[DATASET EXCERPTS Boundary: Start]

Hypothesis vL_eig : forall j, vsum (fun i => IZR (vL i) * IZR (M i j)) = IZR m * IZR (vL j).

Lemma dot_hatF z :
  dot (zvec vL) (hatF M G z) = IZR m * dot (zvec vL) z + dot (zvec vL) (G z).
Proof.
rewrite /hatF dot_add; congr (_ + _).
rewrite /dot /mapply /zmat /zvec -vsum_scal.
transitivity (vsum (fun i => vsum (fun j => IZR (vL i) * IZR (M i j) * z j))).
  by apply: vsum_ext => i; rewrite -vsum_scal; apply: vsum_ext => j; ring.
rewrite vsum_exch; apply: vsum_ext => j.
transitivity (z j * vsum (fun i => IZR (vL i) * IZR (M i j))); last by rewrite vL_eig; ring.
by rewrite -vsum_scal; apply: vsum_ext => i; ring.
Qed.

Lemma orbit_gap_step C x y n : (forall z, Rabs (dot (zvec vL) (G z)) <= C) ->
  Rabs (IZR m) * Rabs (orbit_gap x y n) - 2 * C <= Rabs (orbit_gap x y n.+1).
Proof.
move=> GC.
have -> : orbit_gap x y n.+1 = IZR m * orbit_gap x y n +
    (dot (zvec vL) (G (iter n (hatF M G) y)) - dot (zvec vL) (G (iter n (hatF M G) x))).
  by rewrite /orbit_gap /= !dot_hatF; ring.
have := GC (iter n (hatF M G) y); have := GC (iter n (hatF M G) x).
by rewrite -Rabs_mult; split_Rabs; lra.
Qed.

End LeftEigenvector.

Section HorizontalCurves.
Variables (d : nat) (lv w : vec d) (alpha : R).

Definition horizontal (c : R -> vec d) : Prop :=
  exists v : R -> vec d, forall t, 0 <= t <= 1 ->
    vderiv c (v t) t /\ in_open_cone lv w alpha (v t).

Definition displacement (c : R -> vec d) : R := dot lv (c 1) - dot lv (c 0).

Lemma open_cone_a_neq0 v : in_open_cone lv w alpha v -> cone_a lv w v <> 0.
Proof.
rewrite /in_open_cone => v_cone a0; move: v_cone; rewrite a0 Rabs_R0 Rmult_0_r.
by have := vnorm_ge0 (cone_b lv w v); lra.
Qed.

[DATASET EXCERPTS Boundary: End]

Exactly as written, copy out all the entries above.

--- SOLUTION FOR THIS PROBLEM ---
Hypothesis vL_eig : forall j, vsum (fun i => IZR (vL i) * IZR (M i j)) = IZR m * IZR (vL j).

Lemma dot_hatF z :
  dot (zvec vL) (hatF M G z) = IZR m * dot (zvec vL) z + dot (zvec vL) (G z).
Proof.
rewrite /hatF dot_add; congr (_ + _).
rewrite /dot /mapply /zmat /zvec -vsum_scal.
transitivity (vsum (fun i => vsum (fun j => IZR (vL i) * IZR (M i j) * z j))).
  by apply: vsum_ext => i; rewrite -vsum_scal; apply: vsum_ext => j; ring.
rewrite vsum_exch; apply: vsum_ext => j.
transitivity (z j * vsum (fun i => IZR (vL i) * IZR (M i j))); last by rewrite vL_eig; ring.
by rewrite -vsum_scal; apply: vsum_ext => i; ring.
Qed.

Lemma orbit_gap_step C x y n : (forall z, Rabs (dot (zvec vL) (G z)) <= C) ->
  Rabs (IZR m) * Rabs (orbit_gap x y n) - 2 * C <= Rabs (orbit_gap x y n.+1).
Proof.
move=> GC.
have -> : orbit_gap x y n.+1 = IZR m * orbit_gap x y n +
    (dot (zvec vL) (G (iter n (hatF M G) y)) - dot (zvec vL) (G (iter n (hatF M G) x))).
  by rewrite /orbit_gap /= !dot_hatF; ring.
have := GC (iter n (hatF M G) y); have := GC (iter n (hatF M G) x).
by rewrite -Rabs_mult; split_Rabs; lra.
Qed.

End LeftEigenvector.

Section HorizontalCurves.
Variables (d : nat) (lv w : vec d) (alpha : R).

Definition horizontal (c : R -> vec d) : Prop :=
  exists v : R -> vec d, forall t, 0 <= t <= 1 ->
    vderiv c (v t) t /\ in_open_cone lv w alpha (v t).

Definition displacement (c : R -> vec d) : R := dot lv (c 1) - dot lv (c 0).

Lemma open_cone_a_neq0 v : in_open_cone lv w alpha v -> cone_a lv w v <> 0.
Proof.
rewrite /in_open_cone => v_cone a0; move: v_cone; rewrite a0 Rabs_R0 Rmult_0_r.
by have := vnorm_ge0 (cone_b lv w v); lra.
Qed.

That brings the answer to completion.